🔥 Terminology is fun: CodeableConcept.coding[]

Strip a FHIR resource of its coded elements and what's left is plumbing: ids, references, dates, statuses. What the condition is, what was observed, what was prescribed — the meaning of healthcare data lives in terminology. The structure tells you that a Condition exists and whom it belongs to; the codes tell you what it actually is.

And almost everywhere meaning appears in FHIR, it appears as one data type: CodeableConcept — Condition.code, Observation.code, Procedure.code, MedicationRequest.medication, AllergyIntolerance.code. Learn to read this one type correctly and you've learned to read the semantics of FHIR; read it wrong and the structure stays perfectly valid while the meaning silently slips away.

So — how to read and interpret CodeableConcept correctly? For example if I'm looking at diagnosis in SNOMED CT?

First idea is to use code.coding.where(system='...snomed...').code.first(). But that's not correct.

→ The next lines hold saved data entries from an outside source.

(* Let $n\ge1$, $A=\begin{bmatrix}1&2\\0&1\end{bmatrix}$, $B=\begin{bmatrix}1&0\\2&1\end{bmatrix}$, $\Gamma(2)$ the principal congruence subgroup of level $2$ (generated in $\mathrm{PSL}_2(\mathbb{Z})$ by $A,B$), and $\Phi(n)=\langle A^n,B^n,\Gamma(2)'\rangle$ where $\Gamma(2)'$ is the commutator subgroup of $\Gamma(2)$. Let $\pi:\bar{\mathfrak{H}}\to\bar{\mathfrak{H}}/\Phi(n)=X_{\Phi(n)}$ be the quotient map, where $\bar{\mathfrak{H}}=\mathfrak{H}\cup\mathbb{P}^1(\mathbb{Q})$ with $\mathrm{SL}_2(\mathbb{Z})$ acting by fractional linear transformations. Then: (1) the actions of $A$ and $B$ on $X_{\Phi(n)}$ commute; (2) $\pi(A^k\cdot 1)=\pi(B^k\cdot 1)$ for every $k\in\mathbb{Z}$.
   Context: Since $\Phi(n)$ contains the commutator subgroup of $\Gamma(2)$, it is normal in $\Gamma(2)$, so $\Gamma(2)$ acts on $X_{\Phi(n)}$ via $\pi(z)\mapsto\pi(g z)$. Here $1\in\mathbb{P}^1(\mathbb{Q})\subset\bar{\mathfrak{H}}$. *)

From mathcomp Require Import all_boot all_algebra.
From mathcomp Require Import reals complex.
Set Implicit Arguments.
Unset Strict Implicit.
Unset Printing Implicit Defensive.
Import GRing.Theory Num.Theory.
Local Open Scope ring_scope.

Notation mat2 := 'M[int]_2.

Definition matA : mat2 := \matrix_(i < 2, j < 2)
  (if (i == 0) && (j == 1) then 2%:Z else if i == j then 1 else 0).
Definition matB : mat2 := \matrix_(i < 2, j < 2)
  (if (i == 1) && (j == 0) then 2%:Z else if i == j then 1 else 0).

Inductive gen (S : mat2 -> Prop) : mat2 -> Prop :=
| gen_in g : S g -> gen S g
| gen_1 : gen S 1
| gen_M g h : gen S g -> gen S h -> gen S (g * h)
| gen_V g : gen S g -> gen S g^-1.

(* Gamma(2) = <A, B> (its image in PSL_2(Z) is the principal congruence
   subgroup of level 2). *)
Definition Gamma2 : mat2 -> Prop := gen (fun g => g = matA \/ g = matB).

Definition Gamma2' : mat2 -> Prop :=
  gen (fun g => exists x y, Gamma2 x /\ Gamma2 y /\ g = x^-1 * y^-1 * x * y).

Definition Phi (n : nat) : mat2 -> Prop :=
  gen (fun g => g = matA ^+ n \/ g = matB ^+ n \/ Gamma2' g).

(* Points of the extended upper half plane Hbar = H u P^1(Q):
   Hinf = the cusp infinity, Hcusp q = the rational cusp q, Hup z = z in C. *)
Inductive hpt (R : realType) :=
| Hinf
| Hcusp of rat
| Hup of R[i].
Arguments Hinf {R}.
Arguments Hcusp {R} _.
Arguments Hup {R} _.

Definition inHbar (R : realType) (p : hpt R) : Prop :=
  match p with
  | Hup z => 0 < complex.Im z
  | _ => True
  end.

Definition act (R : realType) (g : mat2) (p : hpt R) : hpt R :=
  let a := g 0 0 in let b := g 0 1 in let c := g 1 0 in let d := g 1 1 in
  match p with
  | Hinf => if c == 0 then Hinf else Hcusp ((a%:~R : rat) / c%:~R)
  | Hcusp q =>
      if c%:~R * q + d%:~R == 0 then Hinf
      else Hcusp ((a%:~R * q + b%:~R) / (c%:~R * q + d%:~R))
  | Hup z => Hup ((a%:~R * z + b%:~R) / (c%:~R * z + d%:~R))
  end.

(* pi(p) = pi(q) in X_{Phi(n)} = Hbar / Phi(n). *)
Definition piEq (R : realType) (n : nat) (p q : hpt R) : Prop :=
  exists g, Phi n g /\ act g p = q.

(* Fractional linear transformations compose like matrix products (on cusps,
   seen in homogeneous coordinates, and on the upper half plane), so both
   claims reduce to membership in Gamma(2)' <= Phi(n).  For (1), BA is the
   commutator B A B^-1 A^-1 times AB.  For (2), A B^-1 fixes the cusp 1, and
   modulo the normal subgroup Gamma(2)' of Gamma(2) the element
   B^k (A B^-1)^k agrees with A^k; hence A^k.1 and B^k.1 = B^k (A B^-1)^k.1
   lie in one Gamma(2)'-orbit. *)
From mathcomp Require Import all_boot all_algebra.
From mathcomp Require Import reals complex ring.
Set Implicit Arguments.
Unset Strict Implicit.
Unset Printing Implicit Defensive.
Import GRing.Theory Num.Theory.
Local Open Scope ring_scope.

Lemma mul_mx2E (R : pzRingType) (g h : 'M[R]_2) i j :
  (g * h) i j = g i 0 * h 0 j + g i 1 * h 1 j.
Proof.
rewrite -mulmxE mxE big_ord_recl big_ord1.
have e0 : ord0 = 0 :> 'I_2 by apply: val_inj.
have e1 : lift ord0 ord0 = 1 :> 'I_2 by apply: val_inj.
by rewrite e0 e1.
Qed.

Lemma det_mx2E (R : comPzRingType) (g : 'M[R]_2) :
  \det g = g 0 0 * g 1 1 - g 0 1 * g 1 0.
Proof.
rewrite (expand_det_row g 0) big_ord_recl big_ord1 /cofactor !det_mx11 !mxE /=.
have e0 : ord0 = 0 :> 'I_2 by apply: val_inj.
have e1 : lift ord0 ord0 = 1 :> 'I_2 by apply: val_inj.
have e2 : lift 1 0 = 0 :> 'I_2 by apply: val_inj.
by rewrite e0 e1 e2 expr0 expr1 mul1r mulN1r mulrN.
Qed.

Lemma unitmx2_det_neq0 (h : mat2) : h \is a GRing.unit -> \det h != 0.
Proof. by move=> uh; apply: contraTneq uh => d0; rewrite unitmxE d0 unitr0. Qed.

Lemma det_neq0_row1 (h : mat2) : \det h != 0 -> (h 1 0 != 0) || (h 1 1 != 0).
Proof.
apply: contraTT; rewrite negb_or !negbK det_mx2E => /andP[/eqP-> /eqP->].
by rewrite !mulr0 subrr.
Qed.

Lemma mx2_vec_neq0 (F : numFieldType) (h : mat2) (x y : F) :
  \det h != 0 -> (x != 0) || (y != 0) ->
  ((h 0 0)%:~R * x + (h 0 1)%:~R * y != 0) || ((h 1 0)%:~R * x + (h 1 1)%:~R * y != 0).
Proof.
move=> dh; apply: contraTT; rewrite !negb_or !negbK => /andP[/eqP e0 /eqP e1].
have dF : ((\det h)%:~R : F) != 0 by rewrite intr_eq0.
have dx : (\det h)%:~R * x = (h 1 1)%:~R * ((h 0 0)%:~R * x + (h 0 1)%:~R * y)
                          - (h 0 1)%:~R * ((h 1 0)%:~R * x + (h 1 1)%:~R * y).
  by rewrite det_mx2E rmorphB !rmorphM /=; ring.
have dy : (\det h)%:~R * y = (h 0 0)%:~R * ((h 1 0)%:~R * x + (h 1 1)%:~R * y)
                          - (h 1 0)%:~R * ((h 0 0)%:~R * x + (h 0 1)%:~R * y).
  by rewrite det_mx2E rmorphB !rmorphM /=; ring.
rewrite e0 e1 !mulr0 subr0 in dx dy.
by apply/andP; split; apply/eqP; apply: (mulfI dF); rewrite mulr0.
Qed.

(* No hypothesis on the denominator: when it vanishes both sides are 0,
   since x / 0 = 0. *)
Lemma mobius_div (F : fieldType) (a b c d x y : F) : y != 0 ->
  (a * (x / y) + b) / (c * (x / y) + d) = (a * x + b * y) / (c * x + d * y).
Proof.
move=> y0; have homog u v : u * x + v * y = (u * (x / y) + v) * y by field.
by rewrite !homog invfM mulrACA mulfV // mulr1.
Qed.

Lemma upper_half_affine_neq0 (R : realType) (c d : int) (z : R[i]) :
  0 < complex.Im z -> (c != 0) || (d != 0) -> c%:~R * z + d%:~R != 0.
Proof.
move=> Imz cd0; rewrite -!(rmorph_int (real_complex R)).
case: z Imz => x y /= y0; rewrite eq_complex /= negb_and !mul0r subr0 !addr0.
move: cd0; have [-> /= d0 | c0 _] := eqVneq c 0.
  by rewrite mul0r add0r intr_eq0 d0.
by rewrite mulf_neq0 ?orbT ?intr_eq0 // lt0r_neq0.
Qed.

Lemma gen_exprz S g k : gen S g -> gen S (g ^ k).
Proof.
have gen_exprn m : gen S g -> gen S (g ^+ m).
  by move=> Sg; elim: m => [|m IHm]; [exact: gen_1 | rewrite exprS; exact: gen_M].
by case: k => m Sg; [exact: gen_exprn | apply: gen_V; exact: gen_exprn].
Qed.

Lemma gen_unit S : (forall g, S g -> g \is a GRing.unit) ->
  forall g, gen S g -> g \is a GRing.unit.
Proof.
move=> S_unit g; elim=> [h /S_unit //| | x y _ ux _ uy | x _ ux].
- exact: unitr1.
- by rewrite unitrMl.
- by rewrite unitrV.
Qed.

Lemma Gamma2_matA : Gamma2 matA. Proof. by apply: gen_in; left. Qed.

Lemma Gamma2_matB : Gamma2 matB. Proof. by apply: gen_in; right. Qed.

Lemma Gamma2_unit g : Gamma2 g -> g \is a GRing.unit.
Proof.
by apply: gen_unit => _ [|] ->; rewrite unitmxE det_mx2E !mxE /= unitr1.
Qed.

Lemma Gamma2'_Gamma2 g : Gamma2' g -> Gamma2 g.
Proof.
elim=> [_ [x [y [Gx [Gy ->]]]] | | x y _ Gx _ Gy | x _ Gx].
- by do 3!apply: gen_M => //; apply: gen_V.
- exact: gen_1.
- exact: gen_M.
- exact: gen_V.
Qed.

Lemma Gamma2'_commutator x y : Gamma2 x -> Gamma2 y -> Gamma2' (x * y / x / y).
Proof.
move=> Gx Gy; apply: gen_in; exists x^-1, y^-1.
by rewrite !invrK; split; [exact: gen_V | split; [exact: gen_V |]].
Qed.

Lemma Gamma2'_conj z g : Gamma2 z -> Gamma2' g -> Gamma2' (z * g / z).
Proof.
move=> Gz G'g; have ug := Gamma2_unit (Gamma2'_Gamma2 G'g).
have -> : z * g / z = g * (g^-1 * z / g^-1 / z) by rewrite invrK !mulrA mulrV ?mul1r.
apply: gen_M => //; apply: Gamma2'_commutator => //.
exact/gen_V/Gamma2'_Gamma2.
Qed.

Lemma Gamma2'_conjM z g w :
  Gamma2 z -> Gamma2 w -> Gamma2' g -> Gamma2' (z * g * w / z / w).
Proof.
move=> Gz Gw G'g; have uz := Gamma2_unit Gz.
have -> : z * g * w / z / w = (z * g / z) * (z * w / z / w) by rewrite !mulrA divrK.
by apply: gen_M; [exact: Gamma2'_conj | exact: Gamma2'_commutator].
Qed.

Lemma Gamma2'_exprz_coset x y k : Gamma2 x -> Gamma2 y ->
  Gamma2' (y ^ k * (x / y) ^ k / x ^ k).
Proof.
move=> Gx Gy; have [ux uy] := (Gamma2_unit Gx, Gamma2_unit Gy).
have uxk j : x ^ j \is a GRing.unit by exact: unitrXz.
elim/int_rect: k => [|m IHm|m IHm].
- by rewrite !expr0z !mul1r invr1; exact: gen_1.
- rewrite -[m.+1]addn1 PoszD.
  have -> : y ^ (m%:Z + 1) * (x / y) ^ (m%:Z + 1) / x ^ (m%:Z + 1) =
            y * (y ^ m * (x / y) ^ m / x ^ m) * x ^ (m%:Z + 1) / y / x ^ (m%:Z + 1).
    have yS : y ^ (m%:Z + 1) = y * y ^ m by rewrite addrC exprzDr // expr1z.
    by rewrite yS !exprzDr ?unitrMl ?unitrV // !expr1z !mulrA divrK.
  by apply: Gamma2'_conjM => //; exact: gen_exprz.
- rewrite -[m.+1]addn1 PoszD opprD.
  set k := - m%:Z.
  have -> : y ^ (k - 1) * (x / y) ^ (k - 1) / x ^ (k - 1) =
            y^-1 * (y ^ k * (x / y) ^ k / x ^ k) * x ^ k / y^-1 / x ^ k.
    have yP : y ^ (k - 1) = y^-1 * y ^ k by rewrite addrC exprzDr // exprN1.
    rewrite yP !exprzDr ?unitrMl ?unitrV // !exprN1 !invrM ?unitrV // !invrK.
    by rewrite !mulrA !divrK.
  by apply: Gamma2'_conjM => //; [exact: gen_V | exact: gen_exprz].
Qed.

Lemma Phi_Gamma2' n g : Gamma2' g -> Phi n g.
Proof. by move=> G'g; apply: gen_in; right; right. Qed.

Section Action.
Variable R : realType.

(* The cusp with homogeneous coordinates [x : y]. *)
Definition cusp (x y : rat) : hpt R := if y == 0 then Hinf else Hcusp (x / y).

Lemma Hinf_cusp : Hinf = cusp 1 0.
Proof. by rewrite /cusp eqxx. Qed.

Lemma Hcusp_cusp q : Hcusp q = cusp q 1.
Proof. by rewrite /cusp oner_eq0 divr1. Qed.

Lemma cuspZ (k x y : rat) : k != 0 -> cusp (k * x) (k * y) = cusp x y.
Proof.
move=> k0; rewrite /cusp mulf_eq0 (negbTE k0) /=.
by case: ifP => // _; rewrite invfM mulrACA mulfV // mul1r.
Qed.

Lemma act_cusp (g : mat2) (x y : rat) : (x != 0) || (y != 0) ->
  act g (cusp x y) =
  cusp ((g 0 0)%:~R * x + (g 0 1)%:~R * y) ((g 1 0)%:~R * x + (g 1 1)%:~R * y).
Proof.
rewrite {1}/cusp; have [-> | y0 _] := eqVneq y 0; last first.
  have homog u v : u * x + v * y = y * (u * (x / y) + v) by field.
  by rewrite !homog cuspZ.
rewrite /= orbF => x0.
by rewrite !mulr0 !addr0 ![_%:~R * x]mulrC cuspZ // /act /cusp intr_eq0.
Qed.

Lemma act_mul_cusp (g h : mat2) (x y : rat) : \det h != 0 -> (x != 0) || (y != 0) ->
  act (g * h) (cusp x y) = act g (act h (cusp x y)).
Proof.
move=> dh xy; rewrite !act_cusp ?mx2_vec_neq0 //.
by congr cusp; rewrite !mul_mx2E !rmorphD !rmorphM /=; ring.
Qed.

Lemma act_mul (g h : mat2) (p : hpt R) : h \is a GRing.unit -> inHbar p ->
  act (g * h) p = act g (act h p).
Proof.
move=> /unitmx2_det_neq0 dh; case: p => [_ | q _ | z Imz].
- by rewrite Hinf_cusp act_mul_cusp ?oner_neq0.
- by rewrite Hcusp_cusp act_mul_cusp ?oner_neq0 ?orbT.
rewrite /act mobius_div ?upper_half_affine_neq0 ?det_neq0_row1 //.
by congr (Hup (_ / _)); rewrite !mul_mx2E !rmorphD !rmorphM /=; ring.
Qed.

Lemma act1 (p : hpt R) : act 1 p = p.
Proof.
case: p => [|q|z]; rewrite /act !mxE /= ?rmorph0 ?rmorph1;
  by rewrite ?mul0r ?add0r ?mul1r ?addr0 ?divr1 ?oner_eq0.
Qed.

Lemma act_inv (g : mat2) (p : hpt R) : g \is a GRing.unit -> inHbar p ->
  act g^-1 (act g p) = p.
Proof. by move=> ug Hp; rewrite -act_mul // mulVr // act1. Qed.

Lemma act_exprz_fixed (g : mat2) (p : hpt R) (k : int) :
  g \is a GRing.unit -> inHbar p -> act g p = p -> act (g ^ k) p = p.
Proof.
move=> ug Hp gp; have fixn m : act (g ^+ m) p = p.
  by elim: m => [|m IHm]; rewrite ?act1 // exprSr act_mul // gp.
case: k => m; first exact: fixn.
change (act (g ^+ m.+1)^-1 p = p).
by rewrite -{1}(fixn m.+1) act_inv ?unitrX.
Qed.

Lemma act_matA_m1 : act matA (Hcusp (-1)) = Hcusp 1 :> hpt R.
Proof. by rewrite /act !mxE /=; congr Hcusp; apply/eqP. Qed.

Lemma act_matB_m1 : act matB (Hcusp (-1)) = Hcusp 1 :> hpt R.
Proof. by rewrite /act !mxE /=; congr Hcusp; apply/eqP. Qed.

End Action.

Theorem lemma3p1 (R : realType) (n : nat) (hn : (1 <= n)%N) :
  (forall p : hpt R, inHbar p ->
     piEq n (act matA (act matB p)) (act matB (act matA p))) /\
  (forall k : int,
     piEq n (act (matA ^ k) (Hcusp 1)) (act (matB ^ k) (Hcusp 1 : hpt R))).
Proof.
have [uA uB] := (Gamma2_unit Gamma2_matA, Gamma2_unit Gamma2_matB).
split=> [p Hp | k].
  exists (matB * matA / matB / matA); split.
    exact/Phi_Gamma2'/Gamma2'_commutator/Gamma2_matA/Gamma2_matB.
  have uAB : matA * matB \is a GRing.unit by rewrite unitrMl.
  by rewrite -(act_mul matA) // -!act_mul // mulrA !divrK.
have uC : matA / matB \is a GRing.unit by rewrite unitrMl ?unitrV.
have fix1 : act (matA / matB) (Hcusp 1) = Hcusp 1 :> hpt R.
  by rewrite act_mul ?unitrV // -{1}(act_matB_m1 R) act_inv // act_matA_m1.
exists (matB ^ k * (matA / matB) ^ k / matA ^ k); split.
  exact/Phi_Gamma2'/Gamma2'_exprz_coset/Gamma2_matB/Gamma2_matA.
rewrite -act_mul; [|exact: unitrXz|done].
rewrite divrK; last exact: unitrXz.
rewrite act_mul; [|exact: unitrXz|done].
by rewrite (act_exprz_fixed _ uC).
Qed.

That's what I learned at the HL7 FHIR-I working group meeting from Lloyd McKenzie.

There can absolutely be two or three SNOMED codes, and you have to support that.

To understand why — and what to do instead — it helps to step back and look at coded data as a conversation between two parties who never meet: the one who writes the code and the one who reads it.

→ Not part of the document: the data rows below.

Definition ins (psi : seq nat) (j : nat) : seq nat :=
  take j psi ++ mis n psi :: drop j psi.

Lemma perm_ins psi j : perm_eq (ins psi j) (mis n psi :: psi).
Proof. by rewrite /ins -cat1s perm_catCA /= cat_take_drop. Qed.

Lemma size_ins psi j : size (ins psi j) = (size psi).+1.
Proof. by rewrite (perm_size (perm_ins psi j)). Qed.

Lemma uniq_ins psi j : is_seed n psi -> uniq (ins psi j).
Proof.
by move=> seed_psi; rewrite (perm_uniq (perm_ins psi j)) /= seed_mis ?seed_uniq.
Qed.

Lemma nth_ins psi j m : j <= size psi ->
  nth 0 (ins psi j) m =
  if m < j then nth 0 psi m else if m == j then mis n psi else nth 0 psi m.-1.
Proof.
move=> j_le; rewrite /ins nth_cat size_take_min (minn_idPl j_le).
case: ltnP => [m_lt|m_ge]; first by rewrite nth_take.
case: eqP => [->|m_ne]; first by rewrite subnn.
by rewrite (_ : m - j = (m - j).-1.+1) 1?[LHS]/= ?nth_drop; [congr nth|]; lia.
Qed.

Lemma filter_ins psi j : is_seed n psi -> filter (predC1 (mis n psi)) (ins psi j) = psi.
Proof.
move=> seed_psi; rewrite /ins filter_cat /= eqxx /= -filter_cat cat_take_drop.
apply/all_filterP/allP => y y_psi /=; apply: contraNneq (seed_mis seed_psi) => <-.
exact: y_psi.
Qed.

Lemma ins_inj phi psi j1 j2 : is_seed n phi -> is_seed n psi ->
  ins phi j1 = ins psi j2 -> mis n phi = mis n psi -> phi = psi.
Proof.
by move=> seed_phi seed_psi E M; rewrite -(filter_ins j1 seed_phi) -(filter_ins j2 seed_psi) E M.
Qed.

Lemma ins1_tilde psi : 0 < size psi -> ins psi 1 = tilde n psi.
Proof. by case: psi => // a s _; rewrite /ins /tilde /= take0 drop0. Qed.

Lemma nth_tilde psi m : 0 < m -> nth 0 psi m = nth 0 (tilde n psi) m.+1.
Proof. by case: m => // m _; rewrite /tilde /= nth_behead. Qed.

Lemma ins_in_perms psi j k : j <= n.-1 -> k < n -> in_perms n psi (rot k (ins psi j)).
Proof. by move=> j_le k_lt; exists j, k. Qed.

Lemma sup_rot psi i : size psi = n.-1 -> 0 < i <= n.-1 ->
  iter i sigma (sup n psi i) = ins psi (n - i).
Proof.
move=> size_psi i_range; rewrite iter_sigma /sup /= ?size_rotr ?size_psi; last lia.
have size_front : size (mis n psi :: drop (size psi - i.-1) psi) = i.
  by rewrite /= size_drop size_psi; lia.
rewrite /rotr -cat_cons -{1}size_front rot_size_cat size_psi.
by rewrite (_ : n.-1 - i.-1 = n - i) //; lia.
Qed.

(* Inserting in front is a rotation of inserting at the end, so every element
   of perms(psi) is a rotation of an insertion at a position 1, ..., n-1. *)
Lemma perms_norm psi p : 1 < n -> is_seed n psi -> in_perms n psi p ->
  exists j k, [/\ 0 < j <= n.-1, k < n & p = rot k (ins psi j)].
Proof.
move=> n_gt1 seed_psi [j [k [j_le k_lt ->]]]; have size_psi := seed_size seed_psi.
case: (posnP j) => [->|j_pos]; last by exists j, k; rewrite j_pos.
have size_end : size (ins psi n.-1) = n by rewrite size_ins size_psi; lia.
have -> : take 0 psi ++ mis n psi :: drop 0 psi = rotr 1 (ins psi n.-1).
  by rewrite /ins -size_psi take_size drop_size take0 drop0 cats1 rotr1_rcons.
exists n.-1; case: (posnP k) => [->|k_pos].
  by exists n.-1; rewrite rot0 /rotr size_end subn1; split => //; lia.
exists k.-1; split; try lia.
rewrite -{1}(prednK k_pos) -addn1 rotD ?rotrK // size_rotr size_end; lia.
Qed.

Lemma common_insertion phi psi p : 1 < n -> is_seed n phi -> is_seed n psi ->
  in_perms n phi p -> in_perms n psi p ->
  exists j1 j2 k, [/\ 0 < j1 <= n.-1, 0 < j2 <= n.-1, k < n,
     p = rot k (ins phi j1) & ins phi j1 = ins psi j2].
Proof.
move=> n_gt1 seed_phi seed_psi /(perms_norm n_gt1 seed_phi) [j1 [k1 [j1_range k1_lt E1]]]
  /(perms_norm n_gt1 seed_psi) [j2 [k2 [j2_range k2_lt E2]]].
exists j1, j2, k1; split => //.
have size_phi := seed_size seed_phi; have size_psi := seed_size seed_psi.
apply: (rot_cancel (x0 := 0) (k1 := k1) (k2 := k2)); rewrite ?size_ins ?size_phi ?size_psi //.
- exact: uniq_ins.
- by rewrite !nth_ins ?size_phi ?size_psi ?ifT ?(seed_head seed_phi) ?(seed_head seed_psi); lia.
- lia.
- lia.
- by rewrite -E1 -E2.
Qed.

Lemma hcondP psi k : k < n ->
  reflect (forall m, 2 <= m <= k -> nth 0 psi m.-1 = succm n (nth 0 psi m))
          (hcond n psi k).
Proof.
move=> k_lt; apply: (iffP forallP) => [H m m_range|H i].
  by have /implyP/(_ m_range)/eqP := H (Ordinal (leq_ltn_trans (proj2 (andP m_range)) k_lt)).
by apply/implyP => i_range; apply/eqP/H.
Qed.

Lemma hcond_le psi h k : h <= k < n -> hcond n psi k -> hcond n psi h.
Proof.
move=> hk /hcondP run_k; apply/hcondP => [|m m_range]; last apply: run_k; lia.
Qed.

Lemma height_le psi : height n psi <= n.-2.
Proof. by apply/bigmax_leqP => k _; have := ltn_ord k; lia. Qed.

What it means to code data

To code is to replace meaning with a pointer into a shared dictionary: a concept from some code system. A code without a system is meaningless — the pair (system, code) is the unit of meaning. The goal is that two systems that know nothing about each other understand the data the same way.

Three things complicate the picture immediately:

Concepts have granularity. They live in hierarchies: "diabetes" ⊃ "type 2 diabetes" ⊃ "type 2 diabetes, well-controlled". Choosing a level is a decision about how much information you capture — and how much you lose.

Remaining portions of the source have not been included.